Coronavirus Market Volatility Did Not Dissuade ESG Demand | ETF Trends

Sustainable investing like those that track environmental, social, and governance, or ESG, principles have attracted more attention, and the latest trends show that the coronavirus has not put a dent in interest for these socially responsible investments.

“Research suggests that even during a pandemic and extreme market volatility, investors continue to be interested and swayed by ESG information. In other words, interest in ESG investing is not going anywhere, and investment professionals would be well-served by incorporating it into their practices,” Samantha Lamas, Behavioral Researcher at Morningstar, said in a note.

Morningstar’s director of sustainability research Jon Hale also noted in his Sustainable Funds U.S. Landscape Report that many “companies started off 2020 by issuing significant commitments to sustainability.” Meanwhile, asset flows into sustainable funds surged fourfold in 2019 alone and continue to attract record inflows so far this year.
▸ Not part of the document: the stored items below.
(* SL_2(k) acts on representatives by (A, B) |-> (aA + bB, cA + dB); this preserves U_n
   because the Sylvester matrix gets multiplied by a block matrix of determinant
   (ad - bc)^n.  Shears are joined to the identity by the homotopies [1 cT; 0 1], and
   SL_2(k) is generated by shears, so SL_2(k) acts trivially up to ~u.  Over any ring the
   leading coefficients (A_n, B_n) of a point of U_n generate the unit ideal, so an element
   of SL_2 makes the point pointed: this gives (1).
   For (2), two pointed translates M x, M' x of the same point differ by some
   [1 b; 0 mu^2], which is the pointed shear [1 b; 0 1] followed by the rescaling by mu.
   Hence "all pointed SL_2-translates of x and y agree up to ~p and a factor lam^2" is
   invariant under ~u; for a homotopy F one normalises F itself over k[T].  Conversely ~p
   implies ~u, and g ~u lam^2 g via diag(lam, lam^-1) and the scalar lam^-1. *)

Section Action.
Variable R : comUnitRingType.
Implicit Types (A B P : {poly R}) (p : {poly R} * {poly R}).

Definition mxact (a b c d : R) p : {poly R} * {poly R} :=
  (a *: p.1 + b *: p.2, c *: p.1 + d *: p.2).

Definition Upair n p := Upoint n p.1 p.2.
Definition Ppair n p := Ppoint n p.1 p.2.

Lemma mxact_comp (a b c d a' b' c' d' : R) p :
  mxact a b c d (mxact a' b' c' d' p) =
  mxact (a * a' + b * c') (a * b' + b * d') (c * a' + d * c') (c * b' + d * d') p.
Proof.
by rewrite /mxact /=; congr pair; rewrite !scalerDr !scalerA !scalerDl addrACA.
Qed.

Lemma mxact1 p : mxact 1 0 0 1 p = p.
Proof. by case: p => A B; rewrite /mxact /= !scale1r !scale0r addr0 add0r. Qed.

Lemma coef_lin (a b : R) A B i : (a *: A + b *: B)`_i = a * A`_i + b * B`_i.
Proof. by rewrite coefD !coefZ. Qed.

Lemma size_lin_le n (a b : R) A B : (size A <= n)%N -> (size B <= n)%N ->
  (size (a *: A + b *: B)%R <= n)%N.
Proof.
move=> sA sB; apply: leq_trans (size_polyD _ _) _; rewrite geq_max.
by rewrite !(leq_trans (size_scale_leq _ _)).
Qed.

Definition sylvester_half n A : 'M[R]_(n, n + n) :=
  \matrix_(i < n, j < n + n) ('X^i * A)`_j.

Lemma resnn_det n A B :
  resnn n A B = \det (col_mx (sylvester_half n A) (sylvester_half n B)).
Proof.
congr (\det _); apply/matrixP => i j; rewrite !mxE.
by case: split => i'; rewrite mxE.
Qed.

Lemma sylvester_half_lin n (a b : R) A B :
  sylvester_half n (a *: A + b *: B) = a *: sylvester_half n A + b *: sylvester_half n B.
Proof. by apply/matrixP => i j; rewrite !mxE mulrDr -!scalerAr coef_lin. Qed.

Lemma unit_det_scalar_block n (a b c d : R) : a * d - b * c \is a GRing.unit ->
  \det (block_mx a%:M b%:M c%:M d%:M : 'M_(n + n)) \is a GRing.unit.
Proof.
move=> unit_det.
have adj : block_mx a%:M b%:M c%:M d%:M *m block_mx d%:M (- b)%:M (- c)%:M a%:M
           = (a * d - b * c)%:M :> 'M_(n + n).
  rewrite mulmx_block -!scalar_mxM -!raddfD /= (scalar_mx_block n n).
  rewrite -(raddf0 (@scalar_mx R n)); congr block_mx; congr (_%:M); ring.
have := unitrX (n + n) unit_det; rewrite -det_scalar -adj det_mulmx unitrM.
by case/andP.
Qed.

Lemma resnn_mxact_unit n (a b c d : R) p : a * d - b * c \is a GRing.unit ->
  resnn n p.1 p.2 \is a GRing.unit ->
  resnn n (mxact a b c d p).1 (mxact a b c d p).2 \is a GRing.unit.
Proof.
move=> unit_det unit_res; rewrite resnn_det !sylvester_half_lin -mul_scalar_mx.
rewrite -(mul_scalar_mx b) -(mul_scalar_mx c) -(mul_scalar_mx d) -mul_block_col.
by rewrite det_mulmx unitrM unit_det_scalar_block // -resnn_det.
Qed.

Lemma unimodular_mxact n (a b c d : R) p : a * d - b * c \is a GRing.unit ->
  unimodular n p.1 p.2 -> unimodular n (mxact a b c d p).1 (mxact a b c d p).2.
Proof.
move=> unit_det [u [v uv1]]; set D := a * d - b * c.
exists (fun i => D^-1 * (u i * d - v i * c)), (fun i => D^-1 * (v i * a - u i * b)).
rewrite -[RHS]uv1 -[RHS]mul1r -(mulVr unit_det) -mulrA !mulr_sumr.
by apply: eq_bigr => i _; rewrite /= !coef_lin /D; ring.
Qed.

Lemma Upair_mxact n (a b c d : R) p : a * d - b * c \is a GRing.unit ->
  Upair n p -> Upair n (mxact a b c d p).
Proof.
move=> unit_det [sA sB unimod unit_res]; split; rewrite ?size_lin_le //.
  exact: unimodular_mxact.
exact: resnn_mxact_unit.
Qed.

Lemma PpairP n p : Ppair n p <->
  [/\ (size p.1 <= n.+1)%N, p.1`_n = 1, (size p.2 <= n.+1)%N, p.2`_n = 0
    & resnn n p.1 p.2 \is a GRing.unit].
Proof.
case: p => A B /=; split.
  case=> /monicP lA sA sB unit_res; rewrite lead_coefE sA in lA.
  by rewrite sA leqnn ltnW //; split=> //; apply/leq_sizeP: sB.
case=> sA A1 sB B0 unit_res.
have sA' : size A = n.+1.
  apply/eqP; rewrite eqn_leq sA ltnNge; apply/negP => /leq_sizeP/(_ n (leqnn n)).
  by rewrite A1 => /eqP; rewrite oner_eq0.
split=> //; first by apply/monicP; rewrite lead_coefE sA'.
apply/leq_sizeP => j; rewrite leq_eqVlt => /predU1P[<- //|].
exact/leq_sizeP.
Qed.

Lemma Upair_of_Ppair n p : Ppair n p -> Upair n p.
Proof.
move=> /PpairP[sA A1 sB B0 unit_res]; split=> //.
exists (fun i => (i == n)%:R), (fun=> 0).
rewrite big_ord_recr /= eqxx A1 B0 big1 ?add0r => [|i _].
  by rewrite mulr1 mul0r addr0.
by rewrite /= (ltn_eqF (ltn_ord i)) !mul0r addr0.
Qed.

Lemma coefXnM_last m P i : (size P <= m.+2)%N -> (i <= m)%N ->
  ('X^i * P)`_(m.+1 + m) = if i == m then P`_m.+1 else 0.
Proof.
move=> sP lt_i_m; rewrite coefXnM ltnNge (leq_trans lt_i_m) ?leq_addl //=.
case: eqP => [->|ne_i_m]; first by rewrite addnK.
by move/leq_sizeP: sP; apply; lia.
Qed.

(* Expanding the resultant along its last column shows it lies in the ideal (A_n, B_n). *)
Lemma Upair_lead_unimodular n p : Upair n p ->
  exists u v : R, u * p.1`_n + v * p.2`_n = 1.
Proof.
case: p => A B [/= sA sB [u [v uv1]] unit_res].
case: n sA sB u v uv1 unit_res => [|m] sA sB u v uv1 unit_res.
  by exists (u 0%N), (v 0%N); rewrite -uv1 big_ord1.
have lt_last : (m.+1 + m < m.+1 + m.+1)%N by rewrite addnS.
move: unit_res; rewrite resnn_det.
set S := col_mx (sylvester_half _ A) (sylvester_half _ B).
rewrite (expand_det_col _ (Ordinal lt_last)) big_split_ord /=.
have last_col P i : (size P <= m.+2)%N ->
    sylvester_half m.+1 P i (Ordinal lt_last) = if i == ord_max then P`_m.+1 else 0.
  by move=> sP; rewrite mxE (coefXnM_last sP (ltn_ord i)).
have col_A i : S (lshift m.+1 i) (Ordinal lt_last) = if i == ord_max then A`_m.+1 else 0.
  by rewrite col_mxEu last_col.
have col_B i : S (rshift m.+1 i) (Ordinal lt_last) = if i == ord_max then B`_m.+1 else 0.
  by rewrite col_mxEd last_col.
rewrite !big_ord_recr /= !col_A !col_B !eqxx !big1 ?add0r => [|i _|i _].
- set r := _ + _ => unit_r.
  exists (r^-1 * cofactor S (lshift m.+1 ord_max) (Ordinal lt_last)).
  exists (r^-1 * cofactor S (rshift m.+1 ord_max) (Ordinal lt_last)).
  by rewrite -(mulVr unit_r) /r; ring.
- by rewrite col_B -(inj_eq val_inj) /= ltn_eqF ?mul0r.
- by rewrite col_A -(inj_eq val_inj) /= ltn_eqF ?mul0r.
Qed.

Lemma Ppair_mxact_upper n p (b d : R) : d \is a GRing.unit -> Ppair n p ->
  Ppair n (mxact 1 b 0 d p).
Proof.
move=> unit_d /PpairP[sA A1 sB B0 unit_res]; apply/PpairP; split.
- exact: size_lin_le.
- by rewrite coef_lin A1 B0; ring.
- exact: size_lin_le.
- by rewrite coef_lin A1 B0; ring.
- by apply: resnn_mxact_unit; rewrite // mul1r mulr0 subr0.
Qed.

Lemma Upair_normalisable n p : Upair n p ->
  exists a b c d : R, a * d - b * c = 1 /\ Ppair n (mxact a b c d p).
Proof.
move=> Up; have [u [v uv1]] := Upair_lead_unimodular Up.
have [sA sB _ unit_res] := Up.
have det1 : u * p.1`_n - v * - p.2`_n = 1 by rewrite -uv1; ring.
exists u, v, (- p.2`_n), p.1`_n; split=> //; apply/PpairP.
rewrite /= !size_lin_le // !coef_lin uv1 resnn_mxact_unit ?det1 ?unitr1 //.
by split=> //; ring.
Qed.
Lemma box_two_point_three_point (p eps : R) (hp1 : 0 < p < 1)
    (hp : 0 < p < 2^-1) (heps : 0 < eps <= 1) :
  box (two_point hp1) (three_point hp heps) <= eps.
Proof.
have /andP[eps_gt0 _] := heps.
apply: (box_le (I0 := @unit_interval R) (ltW eps_gt0)) => //.
- exact: two_point_parametrization.
- exact: three_point_parametrization.
- by rewrite unit_interval_itv; exact: measurable_itv.
- by rewrite unit_interval_itv lebesgue_measure_itv_co // lee_fin; lra.
move=> s t _ _ /=; rewrite /two_point_param /three_point_param /two_point_dist.
by case: (s < p); case: (t < p); case: (s < 2^-1); case: (t < 2^-1);
  rewrite /= ?mulr0 ?mulr1 ?subrr ?normr0 ?sub0r ?normrN ?gtr0_norm //; lra.
Qed.

Lemma box_two_point_blowup (p t : R) (hp : 0 < p < 2^-1) (ht : 0 < t)
    (heps : 0 < t^-1 <= 1) :
  box (two_point (half_in_unit R)) (scale ht (three_point hp heps)) <= p.
Proof.
have /andP[p_gt0 p_lt] := hp.
apply: (box_le (I0 := `[p, 1[%classic) (ltW p_gt0)).
- exact: two_point_parametrization.
- exact/parametrization_scale/three_point_parametrization.
- exact: measurable_itv.
- move=> s; rewrite /= in_itv unit_interval_itv /= in_itv /=.
  by move=> /andP[? ->]; lra.
- by rewrite lebesgue_measure_itv_co //; lra.
move=> s t'; rewrite /= !in_itv /= => /andP[ps _] /andP[pt _].
rewrite /two_point_param /three_point_param !ltNge ps pt /=.
by rewrite mulrA mulfV ?gt_eqF // mul1r subrr normr0 ltW.
Qed.

End BoxEstimates.

Definition blowup_limit (R : realType) (C : mmspace R) : Prop :=
  forall dC : R, 0 < dC -> exists2 X : mmspace R, nontrivial X &
    forall dX M : R, 0 < dX -> exists (V : mmspace R) (t : R) (ht : 0 < t),
      [/\ nontrivial V, M <= t, box X V < dX & box C (scale ht V) < dC].
(* Follow u_(t) on the window of the n consecutive positions t, ..., t+n-1.  The letter
   sigma_(t+1) exchanges the positions t and t+1 modulo n, so the window slides by one
   position per letter: if the letter is kept, the value at t moves to t+1 and the value
   at t+1 moves to t+n, raised by n; if it is skipped, the value at t+1 stays and the
   value at t reappears at t+n, raised by n.  Label the n values of the window.  Measured
   against the row offset, a label advances one column each time it is carried and loses
   n each time it is carried over a row end; since u_(n(n-1)) = e, every label ends in
   its initial column, exactly one lap further.  A column without skips would keep its
   label, which then never completes its lap, and a column with a single skip would end
   with a foreign label; as there are 2n-2 skips, every column holds exactly two.  Up to a
   common shift by a multiple of n the reflections at these two skips are ((x, c)) and
   ((c-n, x)) with c-n < x < c, and a skip ((a, b)) is negative exactly when a <= 0 < b,
   so exactly one of them is negative.  Along a row the normalised value at the current
   position only increases, a skip being negative exactly when it lifts it from <= 0 to
   > 0; every row starts at a value <= 0 and ends above 0, hence has one negative skip. *)

Lemma modzDMr (x q d : int) : ((x + q * d) %% d)%Z = (x %% d)%Z.
Proof. by rewrite addrC modzMDl. Qed.

Lemma modz_eq0P (d x : int) : reflect (exists q : int, x = q * d) ((x %% d)%Z == 0).
Proof.
apply: (iffP eqP) => [/dvdz_mod0P/dvdzP//|[q ->]]; exact: modzMl.
Qed.

Lemma modz_subr_eq0P (d x y : int) :
  reflect (exists q : int, x = y + q * d) (((x - y) %% d)%Z == 0).
Proof.
apply: (iffP (modz_eq0P _ _)) => -[q hq]; exists q; last by rewrite hq; ring.
by rewrite -hq; ring.
Qed.

Lemma modz_small_neq0 (n : nat) (x : int) : 0 < x < n -> ((x %% n)%Z == 0) = false.
Proof. by move=> hx; rewrite modz_small ?gt_eqF //; lia. Qed.

Lemma eq_subz_muln (n p k l : nat) : (p < n)%N -> (k < n)%N ->
  p%:Z - (n * l)%N%:Z = k%:Z - n%:Z -> p = k /\ l = 1%N.
Proof. by case: l => [|[|l]] hp hk e; [lia|split; lia|nia]. Qed.

Lemma sub_muln_bounds (n p c d o : nat) :
  (1 <= c <= n.-1)%N -> (p <= n.-1)%N -> (o < n.-1)%N -> ((0 < p)%N -> (0 < o)%N) ->
  (n.-1 * d + c.-1 = p.-1 + o)%N ->
  c%:Z - n%:Z < p%:Z - (n * d)%N%:Z < c%:Z.
Proof. by case: d => [|[|d]] hc hp ho hpos e; apply/andP; split; nia. Qed.

Lemma sum_count_fibers (T : eqType) (P : pred T) (f : T -> nat) (a b : nat) (s : seq T) :
  {in s, forall x, a <= f x < b}%N ->
  (\sum_(a <= c < b) count (fun x => P x && (f x == c)) s = count P s)%N.
Proof.
elim: s => [|x s IH] hs /=; first by rewrite big1.
rewrite big_split /= IH => [|y ys]; last by apply: hs; rewrite inE ys orbT.
congr (_ + _)%N; case: (P x) => /=; last by rewrite big1.
rewrite (bigD1_seq (f x)) ?mem_index_iota ?iota_uniq ?hs ?mem_head //= eqxx.
by rewrite big1 // => c /negbTE; rewrite eq_sym => ->.
Qed.

Lemma sum_nat_eq_lb (k a b : nat) (F : nat -> nat) :
  (forall c, a <= c < b -> k <= F c)%N -> (\sum_(a <= c < b) F c = k * (b - a))%N ->
  forall c, (a <= c < b)%N -> F c = k.
Proof.
move=> hlb hsum c hc.
have : (\sum_(a <= i < b) (F i - k) == 0)%N.
  rewrite -(eqn_add2r (\sum_(a <= i < b) k)) -big_split /= add0n.
  rewrite sum_nat_const_nat mulnC -hsum; apply/eqP/eq_big_nat => i hi.
  by rewrite subnK ?hlb.
rewrite sum_nat_seq_eq0 => /allP /(_ c); rewrite mem_index_iota => /(_ hc) /=.
by have := hlb c hc; lia.
Qed.

Lemma modrep_small (n : nat) (v q : int) : (1 < n)%N -> - n%:Z < v < n%:Z ->
  modrep n (v + q * n) = if 0 < v then v else v + n.
Proof.
move=> hn hv; rewrite /modrep modzDMr.
have [v_gt0|v_le0] := ltrP 0 v.
  by rewrite modz_small ?gt_eqF //; lia.
have [->|v_neq0] := eqVneq v 0; first by rewrite mod0z eqxx add0r.
rewrite (_ : (v %% n)%Z = v + n); last by rewrite -(modzDMr _ 1) mul1r modz_small; lia.
by rewrite gt_eqF //; lia.
Qed.

Lemma count_zero_crossings (B A : nat -> int) (s L : nat) :
  (forall k, (k <= L)%N -> B (s + k)%N <= A (s + k)%N) ->
  (forall k, (k < L)%N -> B (s + k).+1 = A (s + k)%N) ->
  count (fun j => (B j <= 0) && (0 < A j)) (iota s L.+1)
    = ((B s <= 0) && (0 < A (s + L)%N) : nat).
Proof.
move=> hBA hstep.
suff [] : count (fun j => (B j <= 0) && (0 < A j)) (iota s L.+1)
    = ((B s <= 0) && (0 < A (s + L)%N) : nat) /\ B s <= A (s + L)%N by [].
elim: L s hBA hstep => [|L IH] s hBA hstep.
  by split; [rewrite /= !addn0|have := hBA 0%N isT; rewrite addn0].
have [IH1 IH2] := IH s.+1 (fun k hk => ltac:(rewrite addSnnS; apply: hBA; lia))
                        (fun k hk => ltac:(rewrite addSnnS; apply: hstep; lia)).
have e : B s.+1 = A s by have := hstep 0%N isT; rewrite addn0.
have hb := hBA 0%N isT; rewrite addn0 in hb.
change (count ?P (iota s L.+2)) with (P s + count P (iota s.+1 L.+1))%N.
rewrite IH1 e addSnnS; rewrite e addSnnS in IH2.
split; last by lia.
by case: (lerP (B s) 0) => hB; case: (ltrP 0 (A s)) => hA /=; lia.
Qed.

Lemma count_eq1_ex_unique (T : eqType) (P : pred T) (s : seq T) : count P s = 1%N ->
  exists x, [/\ x \in s, P x & forall y, y \in s -> P y -> y = x].
Proof.
rewrite -size_filter; case E: (filter P s) => [|x [|y l]] //= _.
have : x \in filter P s by rewrite E mem_head.
rewrite mem_filter => /andP[Px xs]; exists x; split => // y ys Py.
have : y \in filter P s by rewrite mem_filter Py ys.
by rewrite E inE => /eqP.
Qed.

Section AffineTranspositions.
Variable n : nat.

Lemma atrans_periodic (a b y q : int) :
  atrans n a b (y + q * n) = atrans n a b y + q * n.
Proof.
rewrite /atrans (_ : y + q * n - a = y - a + q * n) 1?(_ : y + q * n - b = y - b + q * n);
  try ring.
by rewrite !modzDMr; case: ifP => _; [|case: ifP => _]; ring.
Qed.

Lemma atrans_shift (a b q : int) :
  atrans n (a + q * n) (b + q * n) =1 atrans n a b.
Proof.
move=> y; rewrite /atrans (_ : y - (a + q * n) = y - a + (- q) * n)
  1?(_ : y - (b + q * n) = y - b + (- q) * n); try ring.
by rewrite !modzDMr; case: ifP => _; [|case: ifP => _]; ring.
Qed.

Lemma atrans_fst (a b q : int) : atrans n a b (a + q * n) = b + q * n.
Proof.
by rewrite /atrans (_ : a + q * n - a = 0 + q * n) ?modzDMr ?mod0z ?eqxx; ring.
Qed.

Lemma atrans_snd (a b q : int) :
  ((b - a) %% n)%Z != 0 -> atrans n a b (b + q * n) = a + q * n.
Proof.
move=> /negbTE hab; rewrite /atrans (_ : b + q * n - a = b - a + q * n); last by ring.
by rewrite modzDMr hab (_ : b + q * n - b = 0 + q * n) ?modzDMr ?mod0z ?eqxx; ring.
Qed.

Lemma atrans_id (a b y : int) :
  ((y - a) %% n)%Z != 0 -> ((y - b) %% n)%Z != 0 -> atrans n a b y = y.
Proof. by rewrite /atrans => /negbTE -> /negbTE ->. Qed.

Lemma atransK (a b : int) : ((b - a) %% n)%Z != 0 -> involutive (atrans n a b).
Proof.
move=> hab y.
have [/modz_subr_eq0P[q ->]|ya] := boolP (((y - a) %% n)%Z == 0).
  by rewrite atrans_fst atrans_snd.
have [/modz_subr_eq0P[q ->]|yb] := boolP (((y - b) %% n)%Z == 0).
  by rewrite atrans_snd // atrans_fst.
by rewrite !atrans_id.
Qed.

Lemma atrans_pair (a b a' b' : int) : a < b -> a' < b' -> atrans n a b a' = b' ->
  exists q : int, a' = a + q * n /\ b' = b + q * n.
Proof.
move=> ab ab'.
have [/modz_subr_eq0P[q ->]|a'a] := boolP (((a' - a) %% n)%Z == 0).
  by rewrite atrans_fst => <-; exists q.
have [/modz_subr_eq0P[q e]|a'b] := boolP (((a' - b) %% n)%Z == 0).
  by rewrite /atrans (negbTE a'a) e (_ : b + q * n - b = 0 + q * n) ?modzDMr ?mod0z //=; lia.
by rewrite atrans_id //; lia.
Qed.

Variable f : int -> int.
Hypothesis f_inj : injective f.
Hypothesis f_periodic : forall y q : int, f (y + q * n) = f y + q * n.

Lemma periodic_congr (x y : int) :
  (((f x - f y) %% n)%Z == 0) = (((x - y) %% n)%Z == 0).
Proof.
apply/modz_eq0P/modz_eq0P => -[q hq]; exists q; last first.
  by rewrite (_ : x = y + q * n) ?f_periodic; [ring|rewrite -hq; ring].
have /f_inj -> : f x = f (y + q * n) by rewrite f_periodic -hq; ring.
ring.
Qed.

Lemma atrans_conj (a b y : int) :
  f (atrans n a b y) = atrans n (f a) (f b) (f y).
Proof.
have [/modz_subr_eq0P[q ->]|ya] := boolP (((y - a) %% n)%Z == 0).
  by rewrite atrans_fst !f_periodic atrans_fst.
have [/modz_subr_eq0P[q yE]|yb] := boolP (((y - b) %% n)%Z == 0).
  rewrite {}yE in ya *.
  have ba : ((b - a) %% n)%Z != 0 by move: ya; rewrite addrAC modzDMr.
  by rewrite atrans_snd // !f_periodic atrans_snd // periodic_congr.
by rewrite !atrans_id ?periodic_congr.
Qed.

End AffineTranspositions.

Lemma sigmaE (n t : nat) : sigma n t.+1 =1 atrans n t%:Z t.+1%:Z.
Proof.
move=> y; rewrite /sigma /gen /= -(atrans_shift _ _ _ (t %/ n)%N).
have ht : t%:Z = (t %% n)%N%:Z + (t %/ n)%N%:Z * n.
  by rewrite {1}(divn_eq t n) PoszD PoszM addrC.
by congr atrans; rewrite -?[t.+1]addn1 ?PoszD ht; ring.
Qed.

Section Prefixes.
Variables (n : nat) (u : seq bool).
Hypothesis n_gt1 : (1 < n)%N.

Lemma letter_periodic j (y q : int) :
  letter n u j (y + q * n) = letter n u j y + q * n.
Proof. by rewrite /letter; case: ifP => // _; apply: atrans_periodic. Qed.

Lemma uprefix_periodic t (y q : int) :
  uprefix n u t (y + q * n) = uprefix n u t y + q * n.
Proof. by elim: t y => [|t IH] y //=; rewrite letter_periodic IH. Qed.

Lemma genK (i : int) : involutive (gen n i).
Proof. by apply: atransK; rewrite addrAC subrr add0r modz_small_neq0 //; lia. Qed.

Lemma letterK j : involutive (letter n u j).
Proof. by rewrite /letter; case: ifP => // _; apply: genK. Qed.

Lemma uprefix_invK t : cancel (uprefix_inv n u t) (uprefix n u t).
Proof. by elim: t => [|t IH] k //=; rewrite letterK IH. Qed.

Lemma uprefixK t : cancel (uprefix n u t) (uprefix_inv n u t).
Proof. by elim: t => [|t IH] y //=; rewrite IH letterK. Qed.

Lemma refl_ofE t :
  refl_of n u t.+1 =1 atrans n (uprefix n u t t%:Z) (uprefix n u t t.+1%:Z).
Proof.
move=> k; rewrite /refl_of /= sigmaE.
by rewrite (atrans_conj (can_inj (uprefixK t)) (uprefix_periodic t)) uprefix_invK.
Qed.

Definition skipped (u : seq bool) (j : nat) : bool := nth false u j.-1.

Lemma uprefix_skip t : skipped u t.+1 -> uprefix n u t.+1 =1 uprefix n u t.
Proof. by rewrite /skipped /= => h y; rewrite /letter h. Qed.

Lemma uprefix_keep t : ~~ skipped u t.+1 ->
  uprefix n u t.+1 =1 uprefix n u t \o atrans n t%:Z t.+1%:Z.
Proof. by rewrite /skipped /= => /negbTE h y; rewrite /letter h sigmaE. Qed.

Lemma uprefix_keep_next t : ~~ skipped u t.+1 ->
  uprefix n u t.+1 t.+1%:Z = uprefix n u t t%:Z.
Proof.
move=> /uprefix_keep ->; congr uprefix.
have := @atrans_snd n t t.+1 0; rewrite !mul0r !addr0; apply.
by rewrite (_ : _ - _ = 1) ?modz_small_neq0 //; lia.
Qed.

Lemma uprefix_keep_last t : ~~ skipped u t.+1 ->
  uprefix n u t.+1 (t + n)%N%:Z = uprefix n u t t.+1%:Z + n.
Proof.
move=> /uprefix_keep -> /=; rewrite PoszD.
have := @atrans_fst n t t.+1 1; rewrite mul1r => ->.
by rewrite -{1}(mul1r n%:Z) uprefix_periodic mul1r.
Qed.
This has helped stave off fears that the ESG-theme may have been a passing fad or that investors would ditch the investments when the going got tough.

In its latest survey of investors who were setting up a retirement account framework during the beginning of the extreme market volatility caused by the Covid-19 pandemic, their choices showed that investors seemed to be influenced by a fund’s sustainability rating when making asset-allocation decisions and that identity priming isn’t needed to encourage people to invest with sustainability in mind.

The survey results showed that investors who had access to Morningstar fund options’ ESG information increased the average sustainability rating of their portfolios by a statistically significant amount compared with those who did not receive ESG-related information.

The researchers also found that the investment allocations in those with ESG information on fund options were less correlated with returns overall, which indicated that participants may have focused less on returns when they made their investment selections and paid greater attention to the global impact from their investment decisions.